We sometimes get caught up in the mechanics of delivering software and forget to give the requirements the attention they need. In the agile / Scrum world, the requirements are housed in the Product Backlog (which I’ll just call the “backlog” in this article). There is a pattern I’ve seen over and over in Scrum teams going through an agile transformation, which goes something like this…
The backlog gets its start from something more waterfall-ish, like a Business Requirements Document. We have lots and lots of requirements, and the first idea and approach is that each requirement will be a story – so “our backlog is almost done!” Somebody is given the task of loading up the backlog tool using the cut-and-paste approach, and the newly-minted Scrum Master starts setting up meeting appointments for stand-ups, planning day, review meetings, and the retrospectives. Hey, that wasn’t so hard.
Now the fun starts – the first planning day is full of confusion. What do we work on? How do we know how much to take on? The team is new and is guessing at what they can do in the sprint (their velocity), and the stories in the backlog are hard to figure out and don’t tell a story. What to do?
If I’m brought onto a project that is in this state, the first thing I’ll do is find the Product Owner (PO). If they don’t have someone who is truly acting as the PO, then that is the first thing to solve (but that’s a story for another day). This is where my Scrumism comes in – “you live and die by the backlog.”
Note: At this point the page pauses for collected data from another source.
Lemma sphere_path_on_sphere u : 0 <= u <= 1 -> dGH G (sphere_path u) = r.
Proof.
  intros Hu. destruct (sphere_path_quotient u Hu) as [pi [Hsurj Hdist]].
  rewrite dGH_corr_dist, <- (proj2 (sphere_scale_spec u Hu)).
  apply (corr_dist_pullback G _ _ _ _ pi);
    auto using cms_bounded_dissimilarity, gh_radius_bounded_dissimilarity.
Qed.

Lemma sphere_path_dist s t : 0 <= s <= 1 -> 0 <= t <= 1 ->
  dGH (sphere_path s) (sphere_path t)
    <= K * (Rabs (sphere_scale s - sphere_scale t) + Rabs (sphere_scale t) * Rabs (s - t)).
Proof.
  intros Hs Ht. destruct (sphere_path_quotient s Hs) as [ps [Hps Hds]].
  destruct (sphere_path_quotient t Ht) as [pt [Hpt Hdt]].
  apply (dGH_le_of_correspondence _ _ (fun z w => exists p, ps p = z /\ pt p = w)).
  - split.
    + intros z. destruct (Hps z) as [p <-]. eauto.
    + intros w. destruct (Hpt w) as [p <-]. eauto.
  - intros g g' p q [p0 [<- <-]] [q0 [<- <-]]. rewrite Hds, Hdt. unfold K.
    pose proof (scaled_convex_dist_diff s t (sphere_scale s) (sphere_scale t) Hs Ht p0 q0). lra.
Qed.

Lemma sphere_path_continuous t : 0 <= t <= 1 -> forall eps, 0 < eps -> exists delta, 0 < delta /\
  forall s, 0 <= s <= 1 -> Rabs (s - t) < delta -> dGH (sphere_path s) (sphere_path t) < eps.
Proof.
  intros Ht eps Heps. pose proof D_pos. destruct (sphere_scale_spec t Ht) as [Hlt _].
  assert (HK : 0 < K) by (unfold K; lra).
  destruct (sphere_scale_continuous t Ht (eps / (2 * K))) as [d1 [Hd1 Hlam]];
    [apply Rdiv_lt_0_compat; lra|].
  set (d2 := eps / (2 * K * sphere_scale t)).
  assert (Hd2 : 0 < d2) by (unfold d2; apply Rdiv_lt_0_compat; nra).
  exists (Rmin d1 d2). split; [apply Rmin_glb_lt; lra|].
  intros s Hs Hst.
  pose proof (Rmin_l d1 d2). pose proof (Rmin_r d1 d2).
  specialize (Hlam s Hs ltac:(lra)). apply Rlt_div_r in Hlam; [|lra].
  assert (Hst2 : Rabs (s - t) * (2 * K * sphere_scale t) < eps)
    by (apply Rlt_div_r; [nra|unfold d2 in *; lra]).
  pose proof (sphere_path_dist s t Hs Ht). rewrite (Rabs_right (sphere_scale t)) in * by lra.
  lra.
Qed.

End SpherePath.

Theorem corollary3 (G : CMS) (r : R) (hr : diam G < r) :
  GH_path_connected (fun Y : CMS => dGH G Y = r).
Proof.
  intros X Y HX HY. exists (sphere_path G X Y r hr HX HY).
  split; [apply sphere_path_0|split; [apply sphere_path_1|split]].
  - apply sphere_path_on_sphere.
  - apply sphere_path_continuous.
Qed.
Or said a slightly different way, “the backlog is THE thing.” If the backlog isn’t in good order, nothing else is going to go smoothly. You won’t be able to get stories groomed and ready for sprint entry, you won’t be able to articulate what it is you are trying to build, and the Scrum developers will be anxious because they won’t be able to get a handle on the goals they are working towards (remember, this is THEIR future work you are describing).
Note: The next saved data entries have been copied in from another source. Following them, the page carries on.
Lemma distributive_from_4_strategies :
  (forall a b : L, ~~ (a <= b) ->
     n_strategy 4 (Fin 3) (Fin 3) (fun u => u = a) (fun u => u = b)) ->
  distributive_lattice L.
Proof.
move=> strat x y z; apply/le_anti/andP; split; last first.
  rewrite leUx !lexI !leIl (le_trans (leIr _ _) (leUl _ _)).
  by rewrite (le_trans (leIr _ _) (leUr _ _)).
apply/negPn/negP => nle; apply: (forall_wins_in_round4 (y := y) (z := z) _ _ _ (strat _ _ nle)).
- exact: leIr.
- by apply: le_trans (leUl _ _); apply: leI2 (leIl _ _) (lexx _).
- by apply: le_trans (leUr _ _); apply: leI2 (leIl _ _) (lexx _).
Qed.

End NonDistributivePlay.

Theorem corollary6p3 (d : Order.disp_t) (L : latticeType d) :
  [<-> (forall a b : L, ~~ (a <= b) -> forall m k : gcard, card_ge 3 m -> card_ge 3 k ->
          omega_strategy m k (fun y => y = a) (fun y => y = b));
       (forall a b : L, ~~ (a <= b) ->
          n_strategy 5 (Fin 3) (Fin 3) (fun y => y = a) (fun y => y = b));
       distributive_lattice L].
Proof.
tfae.
- by move=> omega a b nab; apply: omega_n_strategy (omega a b nab (Fin 3) (Fin 3) isT isT).
- move=> five; apply: distributive_from_4_strategies => a b nab.
  exact: n_strategy_leq (five a b nab).
- by move=> D a b nab m k _ _; apply: filter_strategy_omega.
Qed.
The backlog describes what is going to be built. It does it in “story form”, so you get to inject what the end users goals and expectations are, right there in the story. The acceptance criteria spell out what needs to be built to meet the story’s target. We still have requirements, but they are in a different sort of wrapper, and are expressed in a way that expects there will be ongoing communications between those developing (the developers) and those representing the stakeholders and end users (the PO). When we have the backlog in good shape, we can start get our work in the sprints to go smoother. When we can have better than a sprints worth of stories groomed and ready for sprint entry, we can start working down further in the backlog to get things arranged and effort estimated (don’t try to add detail too early!). A well-managed backlog is necessary for a Scrum team to work well. You live and die by the backlog.